» **Data for analysis**
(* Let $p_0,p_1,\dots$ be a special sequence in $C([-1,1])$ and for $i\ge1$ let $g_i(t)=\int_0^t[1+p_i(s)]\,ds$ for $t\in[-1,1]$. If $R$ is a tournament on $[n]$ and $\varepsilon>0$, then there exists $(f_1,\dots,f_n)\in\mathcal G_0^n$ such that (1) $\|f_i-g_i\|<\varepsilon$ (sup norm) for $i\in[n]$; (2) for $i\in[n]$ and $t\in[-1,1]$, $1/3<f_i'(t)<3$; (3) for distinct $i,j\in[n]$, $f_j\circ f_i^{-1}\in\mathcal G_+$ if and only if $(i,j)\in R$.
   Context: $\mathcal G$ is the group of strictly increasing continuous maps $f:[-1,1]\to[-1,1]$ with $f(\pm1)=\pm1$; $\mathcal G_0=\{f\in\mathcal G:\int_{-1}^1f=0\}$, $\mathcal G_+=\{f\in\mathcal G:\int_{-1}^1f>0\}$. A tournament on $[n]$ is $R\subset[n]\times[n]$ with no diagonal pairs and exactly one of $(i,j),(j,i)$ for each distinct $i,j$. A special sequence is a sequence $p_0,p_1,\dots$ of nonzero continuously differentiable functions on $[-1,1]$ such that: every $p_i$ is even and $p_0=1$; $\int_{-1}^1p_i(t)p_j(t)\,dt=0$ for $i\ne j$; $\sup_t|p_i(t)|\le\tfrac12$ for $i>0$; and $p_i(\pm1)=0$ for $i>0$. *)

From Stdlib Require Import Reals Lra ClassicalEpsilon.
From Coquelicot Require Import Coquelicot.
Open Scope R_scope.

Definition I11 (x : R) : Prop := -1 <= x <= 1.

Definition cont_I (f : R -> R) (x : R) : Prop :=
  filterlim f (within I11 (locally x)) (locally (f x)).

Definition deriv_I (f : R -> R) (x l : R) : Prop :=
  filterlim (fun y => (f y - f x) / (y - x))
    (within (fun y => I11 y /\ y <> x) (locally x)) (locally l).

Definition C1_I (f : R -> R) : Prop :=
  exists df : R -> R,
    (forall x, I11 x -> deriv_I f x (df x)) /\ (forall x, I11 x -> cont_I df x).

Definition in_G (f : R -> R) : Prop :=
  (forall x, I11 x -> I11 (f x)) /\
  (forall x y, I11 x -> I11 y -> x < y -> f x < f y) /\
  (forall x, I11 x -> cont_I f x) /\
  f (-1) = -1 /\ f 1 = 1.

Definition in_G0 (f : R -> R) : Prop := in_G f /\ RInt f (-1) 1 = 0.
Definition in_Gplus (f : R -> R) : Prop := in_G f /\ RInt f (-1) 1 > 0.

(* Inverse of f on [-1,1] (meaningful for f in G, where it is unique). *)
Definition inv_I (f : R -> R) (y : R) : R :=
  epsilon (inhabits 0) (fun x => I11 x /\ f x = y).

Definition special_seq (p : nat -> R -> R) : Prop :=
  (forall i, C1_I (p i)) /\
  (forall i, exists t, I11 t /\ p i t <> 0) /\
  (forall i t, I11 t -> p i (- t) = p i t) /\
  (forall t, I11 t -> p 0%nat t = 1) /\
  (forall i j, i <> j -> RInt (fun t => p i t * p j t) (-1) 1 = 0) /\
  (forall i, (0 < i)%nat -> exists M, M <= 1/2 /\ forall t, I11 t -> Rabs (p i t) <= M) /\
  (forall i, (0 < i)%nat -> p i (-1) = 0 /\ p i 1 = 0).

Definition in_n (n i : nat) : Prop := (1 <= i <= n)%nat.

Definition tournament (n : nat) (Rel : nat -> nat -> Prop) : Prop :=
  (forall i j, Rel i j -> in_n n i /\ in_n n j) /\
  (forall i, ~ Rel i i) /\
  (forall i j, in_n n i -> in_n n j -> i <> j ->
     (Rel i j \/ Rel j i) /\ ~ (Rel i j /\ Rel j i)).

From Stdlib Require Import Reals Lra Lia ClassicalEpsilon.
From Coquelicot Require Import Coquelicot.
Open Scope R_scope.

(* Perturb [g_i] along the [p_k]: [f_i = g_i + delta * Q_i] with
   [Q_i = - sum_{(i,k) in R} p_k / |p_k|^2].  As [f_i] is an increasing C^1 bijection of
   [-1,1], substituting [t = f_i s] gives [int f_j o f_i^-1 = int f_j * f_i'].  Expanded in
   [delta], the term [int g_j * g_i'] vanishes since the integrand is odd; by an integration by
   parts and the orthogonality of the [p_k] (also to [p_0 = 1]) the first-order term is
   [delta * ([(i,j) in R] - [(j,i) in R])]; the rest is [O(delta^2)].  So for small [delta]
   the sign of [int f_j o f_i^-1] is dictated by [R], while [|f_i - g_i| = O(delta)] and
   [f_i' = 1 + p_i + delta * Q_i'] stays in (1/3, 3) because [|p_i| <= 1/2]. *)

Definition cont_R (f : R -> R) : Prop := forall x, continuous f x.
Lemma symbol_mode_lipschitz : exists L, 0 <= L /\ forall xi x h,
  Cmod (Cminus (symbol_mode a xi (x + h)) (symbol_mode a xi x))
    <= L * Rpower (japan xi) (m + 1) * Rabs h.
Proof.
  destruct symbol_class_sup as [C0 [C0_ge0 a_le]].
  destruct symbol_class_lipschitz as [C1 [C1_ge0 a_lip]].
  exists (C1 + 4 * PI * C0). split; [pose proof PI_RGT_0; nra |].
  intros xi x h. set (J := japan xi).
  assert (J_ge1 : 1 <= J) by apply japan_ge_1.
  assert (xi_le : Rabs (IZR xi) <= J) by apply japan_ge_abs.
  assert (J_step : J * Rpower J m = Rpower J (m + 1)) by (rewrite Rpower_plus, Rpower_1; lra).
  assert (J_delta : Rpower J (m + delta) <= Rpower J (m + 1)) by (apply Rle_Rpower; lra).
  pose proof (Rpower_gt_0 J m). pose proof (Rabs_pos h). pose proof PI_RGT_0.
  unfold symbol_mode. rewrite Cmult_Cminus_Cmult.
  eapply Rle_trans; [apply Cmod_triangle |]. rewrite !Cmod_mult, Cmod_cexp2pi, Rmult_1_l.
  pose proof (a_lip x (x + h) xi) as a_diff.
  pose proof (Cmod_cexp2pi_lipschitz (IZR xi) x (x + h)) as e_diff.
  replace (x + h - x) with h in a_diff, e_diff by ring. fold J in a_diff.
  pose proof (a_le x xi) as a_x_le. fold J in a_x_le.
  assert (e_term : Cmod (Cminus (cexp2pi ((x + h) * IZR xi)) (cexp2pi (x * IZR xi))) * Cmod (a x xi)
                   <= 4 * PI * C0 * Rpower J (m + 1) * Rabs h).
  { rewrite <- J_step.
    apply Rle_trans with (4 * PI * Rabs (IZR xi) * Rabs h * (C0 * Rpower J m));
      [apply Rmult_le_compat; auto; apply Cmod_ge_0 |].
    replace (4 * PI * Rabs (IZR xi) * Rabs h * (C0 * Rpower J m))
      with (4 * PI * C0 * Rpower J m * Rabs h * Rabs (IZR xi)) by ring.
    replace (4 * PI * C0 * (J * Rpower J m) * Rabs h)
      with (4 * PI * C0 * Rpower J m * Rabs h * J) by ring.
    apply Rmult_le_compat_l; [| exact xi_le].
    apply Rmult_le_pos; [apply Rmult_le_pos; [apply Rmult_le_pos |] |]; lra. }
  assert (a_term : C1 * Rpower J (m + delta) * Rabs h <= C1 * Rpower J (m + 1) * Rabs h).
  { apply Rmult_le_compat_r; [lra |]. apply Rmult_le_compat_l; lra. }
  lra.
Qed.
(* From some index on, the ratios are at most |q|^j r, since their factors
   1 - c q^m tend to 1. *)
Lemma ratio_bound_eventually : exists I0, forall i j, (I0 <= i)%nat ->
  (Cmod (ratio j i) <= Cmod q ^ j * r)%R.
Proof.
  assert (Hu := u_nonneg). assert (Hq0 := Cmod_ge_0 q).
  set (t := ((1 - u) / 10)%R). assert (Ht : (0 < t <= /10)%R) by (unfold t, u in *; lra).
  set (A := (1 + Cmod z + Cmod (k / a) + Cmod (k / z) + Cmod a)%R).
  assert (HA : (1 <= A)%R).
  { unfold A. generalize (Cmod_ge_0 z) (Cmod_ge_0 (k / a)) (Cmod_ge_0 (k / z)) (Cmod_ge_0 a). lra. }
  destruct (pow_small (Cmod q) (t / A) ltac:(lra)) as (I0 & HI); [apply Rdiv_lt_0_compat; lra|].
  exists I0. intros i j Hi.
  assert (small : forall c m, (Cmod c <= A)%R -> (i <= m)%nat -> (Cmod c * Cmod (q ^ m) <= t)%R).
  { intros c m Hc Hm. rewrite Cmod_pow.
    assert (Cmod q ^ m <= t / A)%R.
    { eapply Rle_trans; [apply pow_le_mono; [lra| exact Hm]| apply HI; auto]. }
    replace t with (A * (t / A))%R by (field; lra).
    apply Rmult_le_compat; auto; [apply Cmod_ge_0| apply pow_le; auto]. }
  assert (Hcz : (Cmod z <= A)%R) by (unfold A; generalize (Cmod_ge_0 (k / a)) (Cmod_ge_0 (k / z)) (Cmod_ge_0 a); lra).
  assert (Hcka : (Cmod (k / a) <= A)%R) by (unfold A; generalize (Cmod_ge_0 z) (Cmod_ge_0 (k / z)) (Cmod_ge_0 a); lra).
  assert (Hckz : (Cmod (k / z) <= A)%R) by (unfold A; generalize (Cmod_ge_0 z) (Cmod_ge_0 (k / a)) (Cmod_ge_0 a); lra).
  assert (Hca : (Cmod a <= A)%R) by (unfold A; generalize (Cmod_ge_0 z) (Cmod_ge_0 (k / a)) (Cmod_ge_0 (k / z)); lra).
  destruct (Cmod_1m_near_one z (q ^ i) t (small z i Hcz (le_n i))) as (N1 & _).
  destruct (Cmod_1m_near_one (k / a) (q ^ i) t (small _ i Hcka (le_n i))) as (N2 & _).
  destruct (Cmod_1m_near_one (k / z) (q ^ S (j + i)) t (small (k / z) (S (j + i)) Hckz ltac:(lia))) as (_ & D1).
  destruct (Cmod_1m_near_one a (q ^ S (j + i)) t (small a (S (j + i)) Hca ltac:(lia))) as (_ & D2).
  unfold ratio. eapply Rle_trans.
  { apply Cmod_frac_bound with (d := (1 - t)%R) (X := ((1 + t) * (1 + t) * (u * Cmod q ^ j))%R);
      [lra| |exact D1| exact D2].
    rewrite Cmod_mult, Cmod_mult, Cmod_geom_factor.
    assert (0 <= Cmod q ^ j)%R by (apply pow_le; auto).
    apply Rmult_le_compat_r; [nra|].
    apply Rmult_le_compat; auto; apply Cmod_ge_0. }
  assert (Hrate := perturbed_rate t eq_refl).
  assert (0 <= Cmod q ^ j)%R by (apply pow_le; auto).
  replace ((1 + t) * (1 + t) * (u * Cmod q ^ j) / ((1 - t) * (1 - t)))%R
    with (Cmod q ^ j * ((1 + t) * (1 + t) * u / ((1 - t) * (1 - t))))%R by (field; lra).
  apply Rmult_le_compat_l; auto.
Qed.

» **Action item**
Your output should start at the line containing "[lra| |exact D1| exact D2]." and stop at the last line of the material, copied exactly, with nothing else.

» **The answer**
      [lra| |exact D1| exact D2].
    rewrite Cmod_mult, Cmod_mult, Cmod_geom_factor.
    assert (0 <= Cmod q ^ j)%R by (apply pow_le; auto).
    apply Rmult_le_compat_r; [nra|].
    apply Rmult_le_compat; auto; apply Cmod_ge_0. }
  assert (Hrate := perturbed_rate t eq_refl).
  assert (0 <= Cmod q ^ j)%R by (apply pow_le; auto).
  replace ((1 + t) * (1 + t) * (u * Cmod q ^ j) / ((1 - t) * (1 - t)))%R
    with (Cmod q ^ j * ((1 + t) * (1 + t) * u / ((1 - t) * (1 - t))))%R by (field; lra).
  apply Rmult_le_compat_l; auto.
Qed.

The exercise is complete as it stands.